L'attaquant Dwight King entend profiter du présent séjour à l'étranger du Canadien pour faire davantage connaissance avec ses nouveaux coéquipiers.

La date limite des transactions, une épreuve pour la famille

Lorsque les caméras de télévision se sont arrêtées sur Dwight King au banc du Canadien, samedi soir au Madison Square Garden, l'imposant ailier avait un large sourire. Steve Ott et Andreas Martinsen rigolaient aussi. Ils venaient d'être échangés à une équipe bien engagée sur la route des séries éliminatoires et, lors d'un match où les Rangers de New York semblaient un peu dépassés par les événements, leur bonne humeur était évidente.
Pourtant, lorsque King a décroché le téléphone trois jours plus tôt pour commenter l'échange qui l'amenait à Montréal, l'attaquant de 27 ans était sous le choc.
La veille de la date limite des transactions, la fille du nouvel attaquant du Canadien fêtait ses quatre ans. Mais puisque les Kings jouaient ce jour-là et que King n'était pas disponible, la fillette a attendu au lendemain matin - après le retour de papa - pour ouvrir ses cadeaux.
Quelques minutes plus tard, King a appris du directeur général Dean Lombardi qu'il quittait Los Angeles et qu'il s'en allait jouer à Montréal.
Voilà un aspect trop souvent oublié des échanges dans le sport professionnel. La conciliation travail-famille, déjà fragile, est mise à mal par l'approche de la date butoir. Certains joueurs s'y attendent et ont préparé le coup. Mais d'autres, comme Dwight King, sont pris de court par la nouvelle.
En un rien de temps, le joueur fait ses valises, renonce peut-être à certains engagements. Il réalise qu'il ne reverra pas les siens avant un bon bout et qu'il demeurera à l'hôtel pour une durée indéterminée. Au même moment, il pense à faire une bonne première impression et avoir un impact rapide alors que le reste de sa vie est déstabilisé. Elle l'est d'autant plus lorsqu'on a été un choix de quatrième ronde des Kings de Los Angeles en 2007 et qu'on a fait partie d'une seule organisation depuis le début de notre carrière professionnelle.
De ne pas avoir assez de vêtements d'hiver, c'est juste drôle. De laisser derrière sa femme, sa fille et son garçon âgé d'à peine trois mois, ce l'est moins. «C'est le bout le plus difficile, confie-t-il. Entrer et sortir de la maison à cause des voyages ne pose pas problème, c'est normal. Mais les deux heures que j'ai passées à essayer de tout planifier après l'échange sont ce qui m'a le plus ébranlé.
«Ma femme va venir me visiter une fois tous les papiers réglés, mais on ne peut pas se compromettre et faire une transition en bonne et due forme vu qu'on ne sait pas combien de temps je serai ici», ajoute King qui écoulera avec le CH les derniers mois de son contrat.
King a donc laissé sa famille derrière lui. Son chien aussi, un petit shitzu de 11 ans qui s'appelle... Habs. «Ma femme l'avait avant que je la rencontre, précise-t-il. Son père est un grand partisan du Canadien.»
Iginla a pris sa place
Il a aussi dit au revoir à des coéquipiers de longue date, les seuls qu'il ait connus depuis ses quatre années passées à Lethbridge dans la Ligue junior de l'Ouest.
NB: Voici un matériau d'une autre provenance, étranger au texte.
(* Let $A$ be a primitive set of composite numbers, and let $v\in(0,1)$. If $P(a)^{1+v}>a$ for all $a\in A$, then the sets $\mathrm{L}_{ac}$, ranging over pairs $(a,c)$ with $a\in A$ and $c\in C_a^v$, are pairwise disjoint (i.e. $\mathrm{L}_{ac}\cap\mathrm{L}_{a'c'}=\emptyset$ whenever $(a,c)\ne(a',c')$).
   Context: $P(a)$ denotes the largest prime factor of $a>1$, and $a^*=a/P(a)$. For an integer $m>1$, $\mathrm{L}_m=\{bm: b\in\mathbb{N},\ \text{every prime } p\mid b \text{ satisfies } p\ge P(m)\}$. For $a\in A$, $C_a^v=\{c\in\mathbb{N}:\ \text{every prime } p\mid c \text{ satisfies } P(a^* )\le p<P(a^* )^{1/\sqrt v}\}$ (note $1\in C_a^v$). A set is primitive if no member divides another. *)

From Stdlib Require Import Reals.
From mathcomp Require Import all_boot.

Set Implicit Arguments.
Unset Strict Implicit.
Unset Printing Implicit Defensive.

Definition P (a : nat) : nat := max_pdiv a.

Definition astar (a : nat) : nat := a %/ P a.

Definition composite (a : nat) : Prop := 1 < a /\ ~~ prime a.

Definition primitive_set (A : nat -> Prop) : Prop :=
  forall a b, A a -> A b -> a %| b -> a = b.

Definition Lset (m x : nat) : Prop :=
  exists b, 0 < b /\ (forall p, prime p -> p %| b -> P m <= p) /\ x = b * m.

Definition Cset (a : nat) (v : R) (c : nat) : Prop :=
  0 < c /\ forall p, prime p -> p %| c ->
    P (astar a) <= p /\ Rlt (INR p) (Rpower (INR (P (astar a))) (Rdiv R1 (sqrt v))).

From Stdlib Require Import Reals Lra Psatz.
From mathcomp Require Import all_boot.

Set Implicit Arguments.
Unset Strict Implicit.
Unset Printing Implicit Defensive.

(* Write a = s p with p = P(a), s = a^*, q = P(s), and let t = sqrt v.  The
   hypothesis P(a)^(1+v) > a gives s < p^(t^2), and the primes of c lie below
   q^(1/t) < p^t, so every prime factor of s c is below p^t < p.  Hence P(ac) = p,
   and every x in L_{ac} has the same valuations as s c at all primes below p.
   Let x lie in L_{ac} and L_{a'c'}.  If p < p', then p divides s' c'; if it
   divides c', then p^t < q'.  Either way every prime factor of s c is below q',
   which forces p <= q', p | s' and s | s', so a | a'.  If p = p', then
   s c = s' c', and comparing valuations at the primes up to min(q, q') shows
   that one of s, s' divides the other.  So a and a' are comparable under divisibility, hence equal
   by primitivity, and then c = c'. *)

Lemma logn_gt0_prime r n : prime r -> 0 < n -> (0 < logn r n) = (r %| n).
Proof. by move=> pr n_gt0; rewrite logn_gt0 mem_primes pr n_gt0. Qed.

Lemma logn_eq0_ndvd r n : ~~ (r %| n) -> logn r n = 0.
Proof. by move=> r_ndvd; rewrite lognE (negbTE r_ndvd) !andbF. Qed.

Lemma dvdn_from_logn d n : 0 < d -> 0 < n ->
  (forall r, prime r -> r %| d -> logn r d <= logn r n) -> d %| n.
Proof.
move=> d_gt0 n_gt0 le_log; apply/dvdn_partP => // r.
by rewrite mem_primes => /and3P[pr _ r_dvd]; rewrite p_part pfactor_dvdn // le_log.
Qed.

Lemma leq_max_pdiv r n : prime r -> 0 < n -> r %| n -> r <= max_pdiv n.
Proof. by move=> pr n_gt0 r_dvd; apply: max_pdiv_max; rewrite mem_primes pr n_gt0. Qed.

Lemma max_pdiv_eq p n : prime p -> 0 < n -> p %| n ->
  (forall r, prime r -> r %| n -> r <= p) -> max_pdiv n = p.
Proof.
move=> pp n_gt0 p_dvd le_p; apply/anti_leq; rewrite leq_max_pdiv // andbT.
apply: le_p (max_pdiv_dvd n); apply: max_pdiv_prime.
exact: leq_trans (prime_gt1 pp) (dvdn_leq n_gt0 p_dvd).
Qed.

Lemma dvdn_total_of_smooth_mul_rough s c q s' c' q' :
  0 < s -> 0 < c -> 0 < s' -> 0 < c' ->
  (forall r, prime r -> r %| s -> r <= q) ->
  (forall r, prime r -> r %| c -> q <= r) ->
  (forall r, prime r -> r %| s' -> r <= q') ->
  (forall r, prime r -> r %| c' -> q' <= r) ->
  s * c = s' * c' -> (s %| s') || (s' %| s).
Proof.
wlog le_qq' : s c q s' c' q' / q <= q'.
  move=> gen s0 c0 s0' c0' sm ro sm' ro' eq_sc.
  have [le|/ltnW le] := leqP q q'; first exact: (gen s c q s' c' q').
  by rewrite orbC; apply: (gen s' c' q' s c q).
move=> s0 c0 s0' c0' smooth rough smooth' rough' eq_sc.
have logn_c r : prime r -> r < q -> logn r c = 0.
  by move=> pr lt_rq; apply/logn_eq0_ndvd/negP => /(rough _ pr); rewrite leqNgt lt_rq.
have logn_c' r : prime r -> r < q' -> logn r c' = 0.
  by move=> pr lt_rq; apply/logn_eq0_ndvd/negP => /(rough' _ pr); rewrite leqNgt lt_rq.
have logn_sc r : logn r (s * c) = logn r (s' * c') by rewrite eq_sc.
have logn_below r : prime r -> r < q -> logn r s = logn r s'.
  move=> pr lt_rq; have := logn_sc r.
  by rewrite !lognM // logn_c // logn_c' ?(leq_trans lt_rq le_qq') // !addn0.
have [le_log|lt_log] := leqP (logn q s) (logn q s').
  apply/orP; left; apply: dvdn_from_logn => // r pr r_dvd.
  by case: ltngtP (smooth _ pr r_dvd) => // [/(logn_below _ pr) -> | ->].
have pq : prime q.
  by move: (leq_ltn_trans (leq0n _) lt_log); rewrite logn_gt0 mem_primes => /andP[].
have eq_qq' : q = q'.
  apply/eqP; rewrite eqn_leq le_qq' leqNgt; apply/negP => lt_qq'.
  have := logn_sc q; rewrite !lognM // logn_c' // addn0 => eq_log.
  by move: lt_log; rewrite -eq_log ltnNge leq_addr.
apply/orP; right; apply: dvdn_from_logn => // r pr r_dvd.
rewrite -eq_qq' in smooth'.
by case: ltngtP (smooth' _ pr r_dvd) => // [/(logn_below _ pr) -> // | -> _]; apply: ltnW.
Qed.

Lemma astarK a : astar a * P a = a.
Proof. exact/divnK/max_pdiv_dvd. Qed.

Lemma composite_P_prime a : composite a -> prime (P a).
Proof. by case=> a_gt1 _; apply: max_pdiv_prime. Qed.

Lemma composite_astar_gt1 a : composite a -> 1 < astar a.
Proof.
move=> ca; have pa := composite_P_prime ca; case: ca => a_gt1 a_nprime.
have := astarK a; case: (astar a) => [|[|s]] // ea; first by rewrite -ea in a_gt1.
by rewrite mul1n in ea; rewrite -ea pa in a_nprime.
Qed.

Lemma composite_P_astar_prime a : composite a -> prime (P (astar a)).
Proof. by move/composite_astar_gt1; apply: max_pdiv_prime. Qed.

Lemma Lset_gt0 m x : 0 < m -> Lset m x -> 0 < x.
Proof. by move=> m_gt0 [b [b_gt0 [_ ->]]]; rewrite muln_gt0 b_gt0. Qed.

Lemma Lset_dvdn m x : Lset m x -> m %| x.
Proof. by move=> [b [_ [_ ->]]]; apply: dvdn_mull. Qed.

Lemma Lset_logn m x r : 0 < m -> Lset m x -> prime r -> r < P m ->
  logn r x = logn r m.
Proof.
move=> m_gt0 [b [b_gt0 [rough ->]]] pr lt_rP.
rewrite lognM // logn_eq0_ndvd //; apply/negP => /(rough _ pr).
by rewrite leqNgt lt_rP.
Qed.

Section LnNat.
Local Open Scope R_scope.

Lemma INR_gt0 n : (0 < n)%N -> 0 < INR n.
Proof. by move/ltP; apply: lt_0_INR. Qed.

Lemma ln_INR_le m n : (0 < m)%N -> (m <= n)%N -> ln (INR m) <= ln (INR n).
Proof.
move=> m_gt0; rewrite leq_eqVlt => /orP[/eqP -> | lt_mn]; first exact: Rle_refl.
by apply/Rlt_le/ln_increasing; [exact: INR_gt0 | apply/lt_INR/ltP].
Qed.

Lemma ln_INR_lt_inv m n : (0 < m)%N -> (0 < n)%N -> ln (INR m) < ln (INR n) ->
  (m < n)%N.
Proof.
by move=> m_gt0 n_gt0 lt_ln; apply/ltP/INR_lt/ln_lt_inv => //; apply: INR_gt0.
Qed.

Lemma ln_prime_gt0 p : prime p -> 0 < ln (INR p).
Proof.
move/prime_gt1/ltP/lt_INR => /= gt1; rewrite -ln_1.
by apply: ln_increasing; lra.
Qed.

Lemma ln_lt_of_lt_Rpower n x y : (0 < n)%N -> INR n < Rpower x y ->
  ln (INR n) < y * ln x.
Proof.
by move=> n_gt0 lt_n; rewrite -[y * ln x]ln_exp; apply: ln_increasing => //; apply: INR_gt0.
Qed.

End LnNat.

Section Admissible.

Variable v : R.
Hypothesis v01 : Rlt R0 v /\ Rlt v R1.

Definition admissible (a c : nat) : Prop :=
  composite a /\ Rlt (INR a) (Rpower (INR (P a)) (Rplus R1 v)) /\ Cset a v c.

Section LogBounds.
Local Open Scope R_scope.

Lemma sqrt_gt0 : 0 < sqrt v.
Proof. by apply: sqrt_lt_R0; lra. Qed.

Lemma sqrt_lt1 : sqrt v < 1.
Proof.
have tt : sqrt v * sqrt v = v by apply: sqrt_sqrt; lra.
have := sqrt_gt0; nra.
Qed.

Lemma Cset_ln_lt a c r : Cset a v c -> prime r -> r %| c ->
  sqrt v * ln (INR r) < ln (INR (P (astar a))).
Proof.
move=> [_ bounds] pr r_dvd; have [_ lt_r] := bounds r pr r_dvd.
have t_gt0 := sqrt_gt0.
have := ln_lt_of_lt_Rpower (prime_gt0 pr) lt_r.
set L := ln (INR (P (astar a))) => lt_ln.
have -> : L = sqrt v * (R1 / sqrt v * L) by field; lra.
exact: Rmult_lt_compat_l.
Qed.

Lemma admissible_ln_lt a c r : admissible a c -> prime r -> r %| astar a * c ->
  ln (INR r) < sqrt v * ln (INR (P a)).
Proof.
move=> [ca [growth Cc]] pr r_dvd; set t := sqrt v.
have t_gt0 : 0 < t := sqrt_gt0.
have t_lt1 : t < 1 := sqrt_lt1.
have tt : t * t = v by apply: sqrt_sqrt; lra.
have s_gt0 := ltnW (composite_astar_gt1 ca).
have pp := composite_P_prime ca; have pq := composite_P_astar_prime ca.
have lnp_gt0 := ln_prime_gt0 pp.
have ln_s : ln (INR (astar a)) < v * ln (INR (P a)).
  have a_gt0 : (0 < a)%N by rewrite -(astarK a) muln_gt0 s_gt0 prime_gt0.
  have := ln_lt_of_lt_Rpower a_gt0 growth.
  rewrite -{1}(astarK a) mult_INR ln_mult; [lra | exact: INR_gt0 | exact/INR_gt0/prime_gt0].
have ln_q : ln (INR (P (astar a))) <= ln (INR (astar a)).
  exact/ln_INR_le/dvdn_leq/max_pdiv_dvd/s_gt0/prime_gt0.
have tlnp_gt0 : 0 < t * ln (INR (P a)) by nra.
rewrite -tt in ln_s.
move: r_dvd; rewrite Euclid_dvdM // => /orP[r_s | r_c].
  have r_le_q : (r <= P (astar a))%N by apply: leq_max_pdiv.
  have := ln_INR_le (prime_gt0 pr) r_le_q; nra.
have := Cset_ln_lt Cc pr r_c; rewrite -/t; nra.
Qed.

Lemma admissible_prime_lt a c r : admissible a c -> prime r -> r %| astar a * c ->
  (r < P a)%N.
Proof.
move=> adm pr r_dvd; have [ca _] := adm; have pp := composite_P_prime ca.
apply: ln_INR_lt_inv (prime_gt0 pr) (prime_gt0 pp) _.
have := admissible_ln_lt adm pr r_dvd.
have := Rmult_lt_compat_r _ _ _ (ln_prime_gt0 pp) sqrt_lt1; lra.
Qed.

Lemma admissible_cross a c a' c' r : admissible a c -> admissible a' c' ->
  (P a %| c') || (P a <= P (astar a'))%N -> prime r -> r %| astar a * c ->
  (r < P (astar a'))%N.
Proof.
move=> adm [ca' [_ Cc']] /orP[p_c' | le_pq'] pr r_dvd; last first.
  exact: leq_trans (admissible_prime_lt adm pr r_dvd) le_pq'.
have [ca _] := adm.
apply: ln_INR_lt_inv (prime_gt0 pr) (prime_gt0 (composite_P_astar_prime ca')) _.
have := admissible_ln_lt adm pr r_dvd.
have := Cset_ln_lt Cc' (composite_P_prime ca) p_c'; lra.
Qed.

End LogBounds.

Lemma admissible_P_mul a c : admissible a c -> P (a * c) = P a.
Proof.
move=> adm; have [[a_gt1 _] [_ [c_gt0 _]]] := adm.
have pp := composite_P_prime (proj1 adm).
have ac_eq : a * c = astar a * c * P a by rewrite mulnAC astarK.
apply: max_pdiv_eq => //; first by rewrite muln_gt0 c_gt0 (ltnW a_gt1).
  by rewrite ac_eq dvdn_mull.
move=> r pr; rewrite ac_eq Euclid_dvdM // => /orP[r_dvd | ].
  exact/ltnW/(admissible_prime_lt adm pr r_dvd).
by rewrite dvdn_prime2 // => /eqP ->.
Qed.

Lemma Lset_admissible_logn a c x r : admissible a c -> Lset (a * c) x ->
  prime r -> r < P a -> logn r x = logn r (astar a * c).
Proof.
move=> adm Lx pr lt_rp; have [[a_gt1 _] [_ [c_gt0 _]]] := adm.
have s_gt0 := ltnW (composite_astar_gt1 (proj1 adm)).
have pp := composite_P_prime (proj1 adm).
rewrite (Lset_logn _ Lx pr) ?admissible_P_mul // ?muln_gt0 ?c_gt0 ?(ltnW a_gt1) //.
rewrite -[in a * c](astarK a) mulnAC lognM ?muln_gt0 ?s_gt0 ?c_gt0 ?prime_gt0 //.
by rewrite (logn_prime _ pp) ltn_eqF ?addn0.
Qed.

Lemma admissible_astar_mul_gt0 a c : admissible a c -> 0 < astar a * c.
Proof.
by case=> ca [_ [c_gt0 _]]; rewrite muln_gt0 c_gt0 (ltnW (composite_astar_gt1 ca)).
Qed.

Section TwoPairs.

Variables (a c a' c' x : nat).
Hypotheses (adm : admissible a c) (adm' : admissible a' c').
Hypotheses (Lx : Lset (a * c) x) (Lx' : Lset (a' * c') x).

Lemma admissible_dvdn_of_ltn_P : P a < P a' -> a %| a'.
Proof.
move=> lt_PP.
have [[a_gt1 _] [_ [c_gt0 _]]] := adm; have [ca' [_ [c_gt0' rough']]] := adm'.
have pp := composite_P_prime (proj1 adm); have pq' := composite_P_astar_prime ca'.
have s_gt0 := ltnW (composite_astar_gt1 (proj1 adm)).
have s_gt0' := ltnW (composite_astar_gt1 ca').
have sc_gt0 := admissible_astar_mul_gt0 adm.
have sc_gt0' := admissible_astar_mul_gt0 adm'.
have x_gt0 : 0 < x by apply: Lset_gt0 Lx; rewrite muln_gt0 c_gt0 (ltnW a_gt1).
have logn_agree r : prime r -> r < P a -> logn r (astar a * c) = logn r (astar a' * c').
  move=> pr lt_rp; rewrite -(Lset_admissible_logn adm Lx) //.
  by rewrite (Lset_admissible_logn adm' Lx') // (ltn_trans lt_rp).
have p_dvd : P a %| astar a' * c'.
  rewrite -logn_gt0_prime // -(Lset_admissible_logn adm' Lx') // logn_gt0_prime //.
  exact: dvdn_trans (dvdn_mulr c (max_pdiv_dvd a)) (Lset_dvdn Lx).
have below_q' : forall r, prime r -> r %| astar a * c -> r < P (astar a').
  move=> r pr r_dvd; apply: admissible_cross adm adm' _ pr r_dvd.
  move: p_dvd; rewrite Euclid_dvdM // => /orP[p_s' | ->] //.
  by rewrite leq_max_pdiv ?orbT.
have p_le_q' : P a <= P (astar a').
  rewrite leqNgt; apply/negP => lt_q'p.
  have q'_dvd : P (astar a') %| astar a * c.
    rewrite -logn_gt0_prime // logn_agree // logn_gt0_prime //.
    exact/dvdn_mulr/max_pdiv_dvd.
  by have := below_q' _ pq' q'_dvd; rewrite ltnn.
have p_dvd_s' : P a %| astar a'.
  move: p_dvd; rewrite Euclid_dvdM // => /orP[// | /(rough' _ pp) [le_q'p _]].
  have -> : P a = P (astar a') by apply/anti_leq; rewrite p_le_q' le_q'p.
  exact: max_pdiv_dvd.
have s_dvd_s' : astar a %| astar a'.
  apply: dvdn_from_logn => // r pr r_s.
  have lt_rp := admissible_prime_lt adm pr (dvdn_mulr c r_s).
  have c'_free : logn r c' = 0.
    apply/logn_eq0_ndvd/negP => /(rough' _ pr) [+ _].
    by rewrite leqNgt (leq_trans lt_rp p_le_q').
  have := logn_agree r pr lt_rp.
  rewrite !lognM // c'_free addn0 => <-.
  exact: leq_addr.
rewrite -(astarK a) -(astarK a') dvdn_mulr // Gauss_dvd ?s_dvd_s' //.
rewrite coprime_sym prime_coprime //; apply/negP => p_s.
by have := admissible_prime_lt adm pp (dvdn_mulr c p_s); rewrite ltnn.
Qed.

Lemma admissible_eq_of_eq_P : P a = P a' -> astar a * c = astar a' * c'.
Proof.
move=> eq_PP.
have sc_gt0 := admissible_astar_mul_gt0 adm.
have sc_gt0' := admissible_astar_mul_gt0 adm'.
apply/eqP; rewrite eqn_dvd; apply/andP; split; apply: dvdn_from_logn => // r pr r_dvd.
  have lt_rp := admissible_prime_lt adm pr r_dvd.
  by rewrite -(Lset_admissible_logn adm Lx) // (Lset_admissible_logn adm' Lx') -?eq_PP.
have lt_rp := admissible_prime_lt adm' pr r_dvd.
by rewrite -(Lset_admissible_logn adm' Lx') // (Lset_admissible_logn adm Lx) ?eq_PP.
Qed.

End TwoPairs.

Lemma admissible_dvdn_total a c a' c' x :
  admissible a c -> admissible a' c' -> Lset (a * c) x -> Lset (a' * c') x ->
  (a %| a') || (a' %| a).
Proof.
move=> adm adm' Lx Lx'.
case: (ltngtP (P a) (P a')) => [lt_PP | gt_PP | eq_PP].
- by rewrite (admissible_dvdn_of_ltn_P adm adm' Lx Lx' lt_PP).
- by rewrite (admissible_dvdn_of_ltn_P adm' adm Lx' Lx gt_PP) orbT.
have [ca [_ [c_gt0 bounds]]] := adm; have [ca' [_ [c_gt0' bounds']]] := adm'.
have s_gt0 := ltnW (composite_astar_gt1 ca); have s_gt0' := ltnW (composite_astar_gt1 ca').
have := dvdn_total_of_smooth_mul_rough s_gt0 c_gt0 s_gt0' c_gt0'
  (fun r pr => leq_max_pdiv pr s_gt0) (fun r pr r_c => proj1 (bounds r pr r_c))
  (fun r pr => leq_max_pdiv pr s_gt0') (fun r pr r_c => proj1 (bounds' r pr r_c))
  (admissible_eq_of_eq_P adm adm' Lx Lx' eq_PP).
have p_gt0 := prime_gt0 (composite_P_prime ca').
by case/orP => dvd_s; apply/orP; [left | right];
  rewrite -(astarK a) -(astarK a') eq_PP dvdn_pmul2r.
Qed.

End Admissible.

Theorem lemma3p1 (A : nat -> Prop) (v : R) :
  primitive_set A ->
  (forall a, A a -> composite a) ->
  Rlt R0 v /\ Rlt v R1 ->
  (forall a, A a -> Rlt (INR a) (Rpower (INR (P a)) (Rplus R1 v))) ->
  forall a c a' c',
    A a -> Cset a v c -> A a' -> Cset a' v c' ->
    (a, c) <> (a', c') ->
    forall x, ~ (Lset (a * c) x /\ Lset (a' * c') x).
Proof.
move=> prim compA v01 growth a c a' c' Aa Cc Aa' Cc' neq x [Lx Lx'].
have adm : admissible v a c by split; [exact: compA | split; [exact: growth |]].
have adm' : admissible v a' c' by split; [exact: compA | split; [exact: growth |]].
have eq_aa' : a = a'.
  case/orP: (admissible_dvdn_total v01 adm adm' Lx Lx') => [dvd_aa' | dvd_a'a].
    exact: prim dvd_aa'.
  exact/esym/prim.
subst a'; apply: neq; congr pair; apply/eqP.
have := admissible_eq_of_eq_P v01 adm adm' Lx Lx' erefl.
by move/eqP; rewrite eqn_pmul2l // (ltnW (composite_astar_gt1 (compA a Aa))).
Qed.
C'est la business, répète-t-on constamment dans les vestiaires de la LNH. Les joueurs viennent et vont continuellement. 
Dans ce cas-ci, toutefois, après avoir obtenu du Canadien un choix de quatrième ronde conditionnel au repêchage de 2018, les Kings ont immédiatement payé un prix identique pour mettre la main sur un certain Jarome Iginla. 
À peu de choses près c'est comme s'ils avaient été échangés l'un pour l'autre!
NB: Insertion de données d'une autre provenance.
Lemma derivable_pt_lim_smoothed_wnorm d t :
  0 < d -> a < t < b -> derivable_pt_lim (smoothed_wnorm d) t (smoothed_wnorm' d t).
Proof.
  intros Hd Ht. apply derivable_pt_lim_sumR. intros i Hi.
  apply (derivable_pt_lim_mult (fun s => w s i) (fun s => smooth_abs d (x s i))).
  - now apply Hw.
  - now apply derivable_pt_lim_smooth_abs, Hx.
Qed.

Lemma smoothed_wnorm_derivative_le d t :
  0 < d -> a < t < b -> smoothed_wnorm' d t <= d * sumR n (fun i => w t i * rowsum i).
Proof.
  intros Hd Ht.
  set (S := fun i => smooth_abs d (x t i)).
  set (Ax := mxv n A (x t)).
  assert (Hterm : forall i, (i < n)%nat -> x t i * Ax i / S i <= mxv n A S i + d * rowsum i).
  { intros i Hi.
    replace (x t i * Ax i / S i) with (sumR n (fun j => A i j * x t j * x t i / S i)).
    2: { replace (x t i * Ax i / S i) with (x t i / S i * Ax i) by (unfold Rdiv; ring).
         unfold Ax, mxv. rewrite <- sumR_scal. apply sumR_ext; intros; unfold Rdiv; ring. }
    apply Rle_trans with (sumR n (fun j => A i j * S j + Rabs (A i j) * d)).
    - apply sumR_le. intros j Hj. apply smooth_abs_cross_le; [exact Hd|].
      destruct (Nat.eq_dec i j) as [->|Hij]; [now left|right; apply HA; auto].
    - rewrite sumR_plus. unfold rowsum. rewrite <- sumR_scal.
      apply Req_le, f_equal, sumR_ext; intros; ring. }
  apply Rle_trans with
    (sumR n (fun i => w' t i * S i + w t i * mxv n A S i + d * (w t i * rowsum i))).
  - apply sumR_le. intros i Hi.
    change (w' t i * S i + w t i * (x t i * Ax i / S i) <=
            w' t i * S i + w t i * mxv n A S i + d * (w t i * rowsum i)).
    pose proof (Rmult_le_compat_l _ _ _ (Hw0 t Ht i Hi) (Hterm i Hi)). lra.
  - rewrite !sumR_plus, sumR_mxv_mxTv, sumR_scal, <- sumR_plus.
    assert (sumR n (fun j => w' t j * S j + S j * mxTv n A (w t) j) <= 0); [|lra].
    rewrite <- (sumR_zero n). apply sumR_le. intros j Hj.
    pose proof (proj1 (proj2 (smooth_abs_bounds d (x t j) Hd))).
    pose proof (Hwdec t Ht j Hj). fold (S j) in *. nra.
Qed.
«C'est un groupe qui éprouve de la difficulté à marquer des buts», rappelle King au sujet de son ancienne formation. «Ce n'est rien de nouveau, ça a été comme ça pendant mes six années là-bas. En fin de compte, ils ont obtenu le joueur qu'ils voulaient et moi je suis content de me retrouver ici.
«Ce sera un ajustement pour moi. Je m'attends à patiner davantage dans l'Est et je pré­sume que le jeu sera moins physique. Mais c'est excitant parce que j'aurai peut-être des opportunités offensives de plus à cause du style de jeu qui est prôné ici.»
King entend profiter du fait que le Canadien est dans les valises pendant 11 jours pour s'intégrer à nouvelle formation. «Être entouré des gars dans des espaces restreints va nous aider à créer des liens. Mais je crois que c'est en jouant des matchs qu'on en apprend le plus sur les autres. Le calendrier nous donne la chance de faire les deux.»